Fiilen başkanlık yapar..
-
Ama Cumhurbaşkanı; ‘Parlamenter sistem askıda’ dedi.. ‘Araba yürümüyor’ dedi, ‘Mevcut cumhurbaşkanlığı çöktü’ dedi..
Kısaca sistemin iflasını ilan etti.. Nasıl yürüyecek?
Tamam işte.. Ben de bugünkü gibi dedim..
Cumhurbaşkanı Anayasa’da yazılan cumhurbaşkanı gibi mi davranıyor?
Hayır..
Bugünkü sistem, parlamenter sistem gibi mi?
Hayır..
Cumhurbaşkanı sekiz ay önce askıya alındığını iddia etti.. Bana göre 2007’de bitti.. Yasama yürütmeye ram oldu..
Bugünkü rejimin literatürde adı var mı?
Yok.. Adı konulmamış rejim devam eder..
Ne kadar devam eder derseniz kimse bilemez!..
-
Peki, iktidar partisi 276’nın altında kalırsa.. O başlı başına yazı konusu..
Güvenlik Yasası tıkır tıkır
Eskiden göstericilerle polis karşı karşıya gelince.. Göstericiler polisin eline düşünce.. Polis yetki sınırını zorlayınca.. Devreye avukatlar girerdi..
Polisler, avukatlardan çekinirdi..
Polisler, avukatlara saygı gösterirdi..
Dün gördük ki hepsi geride kalmış.. Güvenlik Yasası’ndan sonra işler değişmiş.. Dün gördük ki; polis çekinmeden avukatlara kalkanla girişti..
Hem de adliye binasının içinde..
Avukatların evinde.. Onların da evi değil mi?
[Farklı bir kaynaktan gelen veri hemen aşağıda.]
Theorem corollary5p3 (C : numClosedFieldType) (n : nat) (psi phi : qvec C n)
    (T : {set pt n}) :
  is_state psi ->
  maximizes_stab_fidelity psi phi ->
  F2_subspace T ->
  T \subset weylset phi ->
  \sum_(x in T) pdist psi x >=
    #|T|%:R / (2 ^+ n) * (fidelity phi psi) ^+ 2.
Proof.
move=> _ [[phi_state _] _] [T0 TD] /subsetP T_weyl.
have sign x : x \in T -> weyl_sign phi x = 1 \/ weyl_sign phi x = -1.
  by rewrite /weyl_sign; case: ifP; [left|right].
have bound := card_sqr_fidelity_le_sum_sqr_expect T0 TD (@weyl_selfadjoint C n)
  (@weyl_mul_proportional C n) sign phi_state
  (fun x Tx => weylset_eigen (T_weyl x Tx)) psi.
rewrite /pdist -mulr_sumr /fidelity mulrAC mulrC.
by rewrite ler_wpM2l ?invr_ge0 ?exprn_ge0 ?ler0n.
Qed.
(* The category $\mathfrak{B}$ whose objects are Bochvar algebras and whose morphisms are homomorphisms of Bochvar algebras is equivalent to the category $\mathfrak{S}$ whose objects are Bochvar systems and whose morphisms are the Bochvar-system morphisms defined below. The equivalence is given by the functors $\Gamma:\mathfrak{B}\to\mathfrak{S}$ and $\Xi:\mathfrak{S}\to\mathfrak{B}$ described below.
   Context: Let $\mathbf{WK}^e$ be the three-element algebra on $\{0,\tfrac12,1\}$ of type $\langle \wedge,\vee,\neg,J_2,0,1\rangle$ (arities $2,2,1,1,0,0$). Its operations are: - $\neg$ swaps $0$ and $1$ and fixes $\tfrac12$; - $\wedge,\vee$ agree with the two-element Boolean operations on $\{0,1\}$ and return $\tfrac12$ whenever an argument is $\tfrac12$; - $J_2(1)=1$ and $J_2(\tfrac12)=J_2(0)=0$. A Bochvar algebra is a member of the quasivariety $ISP(\mathbf{WK}^e)$. Płonka sums. A semilattice direct system consists of: - a join-semilattice $\langle I,\vee,i_0\rangle$ with least element $i_0$; - pairwise disjoint similar algebras $\mathbf{A}_i$ ($i\in I$), called fibres; - homomorphisms $p_{ij}:\mathbf{A}_i\to\mathbf{A}_j$ for $i\le j$, with $p_{ii}=\mathrm{id}$ and $p_{jk}\circ p_{ij}=p_{ik}$. Its Płonka sum has universe $\bigsqcup_i A_i$. Operations are $g(a_1,\dots,a_n)=g^{\mathbf{A}_k}(p_{i_1k}(a_1),\dots,p_{i_nk}(a_n))$ for $a_m\in A_{i_m}$ and $k=i_1\vee\dots\vee i_n$; constants are taken from $\mathbf{A}_{i_0}$. Every Bochvar algebra's $\{\wedge,\vee,\neg,0,1\}$-reduct is canonically (up to isomorphism) a Płonka sum of Boolean algebras, with bottom fibre $\mathbf{A}_{i_0}$. Two elements $a,b$ lie in the same fibre iff $a\wedge(a\vee b)=a$ and $b\wedge(b\vee a)=b$. A Bochvar system is a pair $\langle\mathbf{B},\mathbf{I}\rangle$ where $\mathbf{B}$ is a Boolean algebra and $I\subseteq B$ contains $1$ and is closed under $\wedge$. A morphism $\langle\mathbf{B}_1,\mathbf{I}_1\rangle\to\langle\mathbf{B}_2,\mathbf{I}_2\rangle$ is a Boolean homomorphism $g:\mathbf{B}_1\to\mathbf{B}_2$ with $g(I_1)\subseteq I_2$. The functor $\Gamma$: - On a Bochvar algebra $\mathbf{A}$ with fibres $\mathbf{A}_i$, set $\Gamma(\mathbf{A})=\langle\mathbf{A}_{i_0},K\rangle$ with $K=\{J_2(1^{A_i}):i\in I\}$, where $1^{A_i}$ is the top of fibre $\mathbf{A}_i$. - On a homomorphism $f$, $\Gamma(f)$ is the restriction of $f$ to the bottom fibre. The functor $\Xi$. For a Bochvar system $\langle\mathbf{B},\mathbf{I}\rangle$, write $[i)$ for the principal filter of $\mathbf{B}$ generated by $i$, and $\mathbf{B}/[i)$ for the quotient by the congruence associated to $[i)$. - $\Xi(\langle\mathbf{B},\mathbf{I}\rangle)$ is the unique Bochvar algebra whose involutive-bisemilattice reduct is the Płonka sum of the following system: index semilattice $I$ with the order dual to that of $\mathbf{B}$ (so $1$ is least); fibres $\mathbf{B}/[i)$; maps $p_{ij}(a/[i))=a/[j)$. Its $J_2$ sends $a/[i)$ to the unique element of the bottom fibre $\mathbf{B}/[1)\cong\mathbf{B}$ lying in $[0,i]$ and congruent to $a$ modulo $[i)$. - On a morphism $g$, $\Xi(g)(a/[i))=g(a)/[g(i))$. *)

From Stdlib Require Import FunctionalExtensionality Setoid.
Set Implicit Arguments.
(* Let $F$ be a cumulative distribution function on $[0,\infty)$ with a density and finite positive mean $\mu$. Let $B,S$ be independent with distribution $F$ and let the price $p\sim F$ be drawn independently. Then \[\mathbb{E}_{p\sim F}\big[\mathsf{W}(p,F)\big]\ \ge\ \tfrac34\,\mathsf{OPT\text{-}W}(F).\]
   Context: Symmetric bilateral trade: $B$ (buyer's value) and $S$ (seller's value) are i.i.d. with distribution $F$. Posting price $p$, trade occurs iff $B\ge p>S$ (immaterial for continuous $F$). Welfare of price $p$: $\mathsf{W}(p,F)=\mathbb{E}[S]+\mathbb{E}[(B-S)\mathbf 1_{B\ge p>S}]$. Optimal welfare: $\mathsf{OPT\text{-}W}(F)=\mathbb{E}[S]+\mathbb{E}[(B-S)\mathbf 1_{B>S}]=\mathbb{E}[\max\{B,S\}]$. *)

From mathcomp Require Import all_boot all_order all_algebra.
From mathcomp Require Import all_classical all_reals all_analysis.
Set Implicit Arguments. Unset Strict Implicit. Unset Printing Implicit Defensive.
Import Order.TTheory GRing.Theory Num.Theory.
Local Open Scope ring_scope.
Local Open Scope ereal_scope.

Section BilateralTrade.
Variable R : realType.
Notation mu := (@lebesgue_measure R).

(* The distribution F is given by its density f w.r.t. Lebesgue measure. *)
Definition is_density_on_nonneg (f : R -> R) : Prop :=
  [/\ measurable_fun setT f,
      (forall x, (0 <= f x)%R),
      (forall x, (x < 0)%R -> f x = 0%R) &
      \int[mu]_x (f x)%:E = 1].

Definition mean (f : R -> R) : \bar R := \int[mu]_x (x * f x)%:E.

Definition welfare (p : R) (f : R -> R) : \bar R :=
  mean f +
  \int[mu]_s (\int[mu]_b
      ((b - s) * ((p <= b) && (s < p))%:R * f b * f s)%:E).

Definition opt_welfare (f : R -> R) : \bar R :=
  \int[mu]_s (\int[mu]_b (Num.max b s * f b * f s)%:E).

Definition expected_random_price_welfare (f : R -> R) : \bar R :=
  \int[mu]_p ((f p)%:E * welfare p f).

End BilateralTrade.

(* Both sides are triple integrals, over independent p, s, b ~ F, of the product density
   f(p) f(s) f(b) times a kernel: max(s, b) for OPT-W and s + (b - s) [s < p <= b] for the
   expected welfare of a random price.  Ties p = s have probability zero, so the indicator may be
   replaced by the closed one [s <= p <= b].  As the product density is symmetric, each integral
   is 1/6 of the integral of the kernel summed over the six permutations of (p, s, b), and it is
   enough to compare these symmetrized kernels pointwise on [0, oo)^3.  For a <= b <= c the
   maxima sum to 2b + 4c, while the welfare kernels sum to at least 2(a + b + c) + (c - a), the
   last term coming from the order s = a <= p = b <= b = c; and 3/4 (2b + 4c) <= a + 2b + 3c. *)

From mathcomp Require Import all_boot all_order all_algebra.
From mathcomp Require Import all_classical all_reals all_analysis.
From mathcomp Require Import measurable_realfun.
From mathcomp Require Import ring lra.
Import Order.TTheory GRing.Theory Num.Theory.
Local Open Scope ring_scope.

Section symmetrization.
Context {T : Type} {V : nmodType}.

Definition swap12 (x : T * T * T) : T * T * T := (x.1.2, x.1.1, x.2).
Definition swap23 (x : T * T * T) : T * T * T := (x.1.1, x.2, x.1.2).
Definition rot (x : T * T * T) : T * T * T := (x.2, x.1.1, x.1.2).

Definition sym12 (G : T * T * T -> V) : T * T * T -> V := G \+ (G \o swap12).

Definition cyc3 (G : T * T * T -> V) : T * T * T -> V :=
  G \+ (G \o rot) \+ (G \o rot \o rot).

(* The sum of G over all six permutations of the coordinates: S3 = <rot> {id, swap12}. *)
Definition sym3 (G : T * T * T -> V) : T * T * T -> V := cyc3 (sym12 G).

End symmetrization.

(* Keeps [g (swap12 x)] and [g (rot x)] folded under [/=], for rewriting in sym3_mull. *)
Arguments swap12 {T} x : simpl never.
Arguments rot {T} x : simpl never.

Lemma sym3_mull {T} {V : pzSemiRingType} (g G : T * T * T -> V) :
  (forall x, g (swap12 x) = g x) -> (forall x, g (rot x) = g x) ->
  sym3 (g \* G) = g \* sym3 G.
Proof.
by move=> g12 grot; apply/funext => x; rewrite /sym3 /cyc3 /sym12 /= !(g12, grot) -!mulrDr.
Qed.

Section measurable_triples.
Context {d1 d2 d3 : measure_display} {T1 : measurableType d1}
  {T2 : measurableType d2} {T3 : measurableType d3}.

Lemma measurable_fst_fst : measurable_fun setT (fun x : T1 * T2 * T3 => x.1.1).
Proof. exact: measurableT_comp measurable_fst measurable_fst. Qed.

Lemma measurable_snd_fst : measurable_fun setT (fun x : T1 * T2 * T3 => x.1.2).
Proof. exact: measurableT_comp measurable_snd measurable_fst. Qed.

End measurable_triples.

Section measurable_permutations.
Context {d : measure_display} {T : measurableType d}.

Lemma measurable_swap12 : measurable_fun setT (@swap12 T).
Proof.
by apply: measurable_fun_pair => //; apply: measurable_fun_pair;
  [exact: measurable_snd_fst | exact: measurable_fst_fst].
Qed.

Lemma measurable_swap23 : measurable_fun setT (@swap23 T).
Proof.
apply: measurable_fun_pair; last exact: measurable_snd_fst.
by apply: measurable_fun_pair => //; exact: measurable_fst_fst.
Qed.

Lemma measurable_rot : measurable_fun setT (@rot T).
Proof. exact: measurableT_comp measurable_swap12 measurable_swap23. Qed.

End measurable_permutations.

Section fubini_EFin.
Local Open Scope ereal_scope.
Context {d1 d2 : measure_display} {T1 : measurableType d1} {T2 : measurableType d2}
  {R : realType}.
Variable mu : {sigma_finite_measure set T2 -> \bar R}.

Lemma measurable_fun_integral_EFin (g : T1 * T2 -> R) :
  measurable_fun setT g -> (forall z, 0 <= g z)%R ->
  measurable_fun setT (fun x => \int[mu]_y (g (x, y))%:E).
Proof.
move=> mg g0; apply: (measurable_fun_fubini_tonelli_F (fun z => (g z)%:E)).
  exact/measurable_EFinP.
by move=> z; rewrite lee_fin.
Qed.

End fubini_EFin.

Section iterated_integral.
Local Open Scope ereal_scope.
Context {d : measure_display} {T : measurableType d} {R : realType}.
Variable mu : {sigma_finite_measure set T -> \bar R}.

Definition iint2 (g : T * T -> R) : \bar R := \int[mu]_x \int[mu]_y (g (x, y))%:E.

Definition iint3 (G : T * T * T -> R) : \bar R :=
  \int[mu]_x iint2 (fun yz => G (x, yz.1, yz.2)).

Lemma iint2_ge0 g : (forall z, 0 <= g z)%R -> 0 <= iint2 g.
Proof.
by move=> g0; apply: integral_ge0 => x _; apply: integral_ge0 => y _; rewrite lee_fin.
Qed.

Lemma measurable_fun_slice2 (g : T * T -> R) x :
  measurable_fun setT g -> measurable_fun setT (fun y => (g (x, y))%:E).
Proof. by move=> mg; apply/measurable_EFinP; exact: measurable_fun_pair2. Qed.

Lemma measurable_fun_slice3 (G : T * T * T -> R) x :
  measurable_fun setT G -> measurable_fun setT (fun yz : T * T => G (x, yz.1, yz.2)).
Proof.
move=> mG; apply: measurableT_comp mG _.
by apply: measurable_fun_pair => //; apply: measurable_fun_pair.
Qed.

Lemma measurable_fun_iint3_inner (G : T * T * T -> R) :
  measurable_fun setT G -> (forall x, 0 <= G x)%R ->
  measurable_fun setT (fun x => iint2 (fun yz => G (x, yz.1, yz.2))).
Proof.
move=> mG G0.
apply: (measurable_fun_fubini_tonelli_F (fun xy => \int[mu]_z (G (xy, z))%:E)).
  exact: measurable_fun_integral_EFin.
by move=> xy; apply: integral_ge0 => z _; rewrite lee_fin.
Qed.

Lemma iint2D (g1 g2 : T * T -> R) : measurable_fun setT g1 -> measurable_fun setT g2 ->
  (forall z, 0 <= g1 z)%R -> (forall z, 0 <= g2 z)%R ->
  iint2 (g1 \+ g2)%R = iint2 g1 + iint2 g2.
Proof.
move=> mg1 mg2 g10 g20; rewrite /iint2 -ge0_integralD//; first last.
- exact: measurable_fun_integral_EFin.
- by move=> x _; apply: integral_ge0 => y _; rewrite lee_fin.
- exact: measurable_fun_integral_EFin.
- by move=> x _; apply: integral_ge0 => y _; rewrite lee_fin.
apply: eq_integral => x _; under eq_integral do rewrite EFinD.
by rewrite ge0_integralD// => [y _||y _|]; rewrite ?lee_fin//; exact: measurable_fun_slice2.
Qed.

Lemma iint2Zl (c : R) (g : T * T -> R) : (0 <= c)%R ->
  measurable_fun setT g -> (forall z, 0 <= g z)%R ->
  iint2 (fun z => c * g z)%R = c%:E * iint2 g.
Proof.
move=> c0 mg g0; rewrite /iint2 -ge0_integralZl_EFin//; first last.
- exact: measurable_fun_integral_EFin.
- by move=> x _; apply: integral_ge0 => y _; rewrite lee_fin.
apply: eq_integral => x _; under eq_integral do rewrite EFinM.
by rewrite ge0_integralZl_EFin// => [y _|]; rewrite ?lee_fin//; exact: measurable_fun_slice2.
Qed.

Lemma le_iint2 (g1 g2 : T * T -> R) :
  measurable_fun setT g1 -> measurable_fun setT g2 ->
  (forall z, 0 <= g1 z)%R -> (forall z, g1 z <= g2 z)%R -> iint2 g1 <= iint2 g2.
Proof.
move=> mg1 mg2 g10 g12.
have g20 z : (0 <= g2 z)%R by exact: le_trans (g10 z) (g12 z).
apply: ge0_le_integral => //.
- by move=> x _; apply: integral_ge0 => y _; rewrite lee_fin.
- exact: measurable_fun_integral_EFin.
- exact: measurable_fun_integral_EFin.
move=> x _; apply: ge0_le_integral => //; do ?exact: measurable_fun_slice2.
- by move=> y _; rewrite lee_fin.
- by move=> y _; rewrite lee_fin.
Qed.

Lemma iint3D (G1 G2 : T * T * T -> R) :
  measurable_fun setT G1 -> measurable_fun setT G2 ->
  (forall x, 0 <= G1 x)%R -> (forall x, 0 <= G2 x)%R ->
  iint3 (G1 \+ G2)%R = iint3 G1 + iint3 G2.
Proof.
move=> mG1 mG2 G10 G20; rewrite /iint3 -ge0_integralD//; first last.
- exact: measurable_fun_iint3_inner.
- by move=> x _; exact: iint2_ge0.
- exact: measurable_fun_iint3_inner.
- by move=> x _; exact: iint2_ge0.
by apply: eq_integral => x _; rewrite -iint2D//; exact: measurable_fun_slice3.
Qed.

Lemma iint3Zl (c : R) (G : T * T * T -> R) : (0 <= c)%R ->
  measurable_fun setT G -> (forall x, 0 <= G x)%R ->
  iint3 (fun x => c * G x)%R = c%:E * iint3 G.
Proof.
move=> c0 mG G0; rewrite /iint3 -ge0_integralZl_EFin//; first last.
- exact: measurable_fun_iint3_inner.
- by move=> x _; exact: iint2_ge0.
by apply: eq_integral => x _; rewrite -iint2Zl//; exact: measurable_fun_slice3.
Qed.

Lemma le_iint3 (G1 G2 : T * T * T -> R) :
  measurable_fun setT G1 -> measurable_fun setT G2 ->
  (forall x, 0 <= G1 x)%R -> (forall x, G1 x <= G2 x)%R -> iint3 G1 <= iint3 G2.
Proof.
move=> mG1 mG2 G10 G12.
have G20 x : (0 <= G2 x)%R by exact: le_trans (G10 x) (G12 x).
apply: ge0_le_integral => //; do ?exact: measurable_fun_iint3_inner.
  by move=> x _; exact: iint2_ge0.
by move=> x _; apply: le_iint2 => //; exact: measurable_fun_slice3.
Qed.

Lemma iint3_swap12 (G : T * T * T -> R) :
  measurable_fun setT G -> (forall x, 0 <= G x)%R -> iint3 (G \o swap12) = iint3 G.
Proof.
move=> mG G0; pose F xy := \int[mu]_z (G (xy, z))%:E.
have mF : measurable_fun setT F by exact: measurable_fun_integral_EFin.
have F0 xy : 0 <= F xy by apply: integral_ge0 => z _; rewrite lee_fin.
exact: esym (fubini_tonelli F mF F0).
Qed.

Lemma iint3_swap23 (G : T * T * T -> R) :
  measurable_fun setT G -> (forall x, 0 <= G x)%R -> iint3 (G \o swap23) = iint3 G.
Proof.
move=> mG G0; apply: eq_integral => x _.
pose g yz := (G (x, yz.1, yz.2))%:E.
have mg : measurable_fun setT g by apply/measurable_EFinP; exact: measurable_fun_slice3.
have g0 yz : 0 <= g yz by rewrite lee_fin.
exact: esym (fubini_tonelli g mg g0).
Qed.

Lemma iint3_rot (G : T * T * T -> R) :
  measurable_fun setT G -> (forall x, 0 <= G x)%R -> iint3 (G \o rot) = iint3 G.
Proof.
move=> mG G0; rewrite -[RHS](iint3_swap12 G mG G0) -(iint3_swap23 (G \o swap12)) //.
- exact: measurableT_comp mG measurable_swap12.
- by move=> x; exact: G0.
Qed.

Lemma measurable_sym12 (G : T * T * T -> R) :
  measurable_fun setT G -> measurable_fun setT (sym12 G).
Proof.
by move=> mG; apply: measurable_funD => //; exact: measurableT_comp mG measurable_swap12.
Qed.

Lemma measurable_cyc3 (G : T * T * T -> R) :
  measurable_fun setT G -> measurable_fun setT (cyc3 G).
Proof.
move=> mG; have mGr := measurableT_comp mG measurable_rot.
apply: measurable_funD; first exact: measurable_funD.
exact: measurableT_comp mGr measurable_rot.
Qed.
Adalet sistemi hâkim-savcı-avukat üçgeninden oluşmaz mı? Biri olmazsa adil yargılama olmaz.. Adil yargılama olmazsa adalet olmaz..
-
O halde Adalet Sarayı hâkimlerin kadar, savcıların olduğu kadar, avukatlarındır.. Polis kalkan gücüyle hâkimleri, savcıları adliye binasının dışına atamıyorsa ne olursa olsun avukatları da atamaz..
Merakım şu..
Avukatları dışarı atın emrini kim verdi?
Başsavcı mı? Polis müdürü mü?
Hocam, namaz da duadır!
Diyanet İşleri Başkanı kurumu eleştirenleri cahillikle, İslam’ı bilmemekle suçlamış.. Diyanet dedikleri kurum idari organizasyondur..
Kaldırılmasına karşıyım ama eleştirilemez, ellenemez, laf söylenemez kutsal kilise(!) değildir..
Elinde dindarlık terazisi taşıyamaz.. İnsanların inanç seviyesini de ölçemez.. Mutaassıp toplum yaratmaya da soyunamaz.. Dine uygundur, değildir diye bağlayıcı fetva da yayınlayamaz.. Aydınlatıcı bilgi verir..
Kurumun başındaki kişi şeyhülislam da değildir..
Nedir?
Devlet memurudur.. Başında bulunduğu teşkilat da hizmet birimidir.. O hizmet iyiyse alkışlanır, kötüyse eleştirilir..
-
Başkan, eleştirilere cevap verir ama işin içine dini imanı karıştıramaz.. Mesela, camilerde makbuzsuz toplanan paraların nereye harcandığını soranları dinsiz ilan edemez..
O iş ayrı, bu iş ayrı..
Başkan kendini eleştirenlere demiş ki; namaz ile duanın farkını bilmeyenler.. Ben de diyorum ki; Hocam namaz da duadır..
Ne olacak şimdi!.. Soruyorum; bunun Diyanet’in işleyişiyle ne alakası var?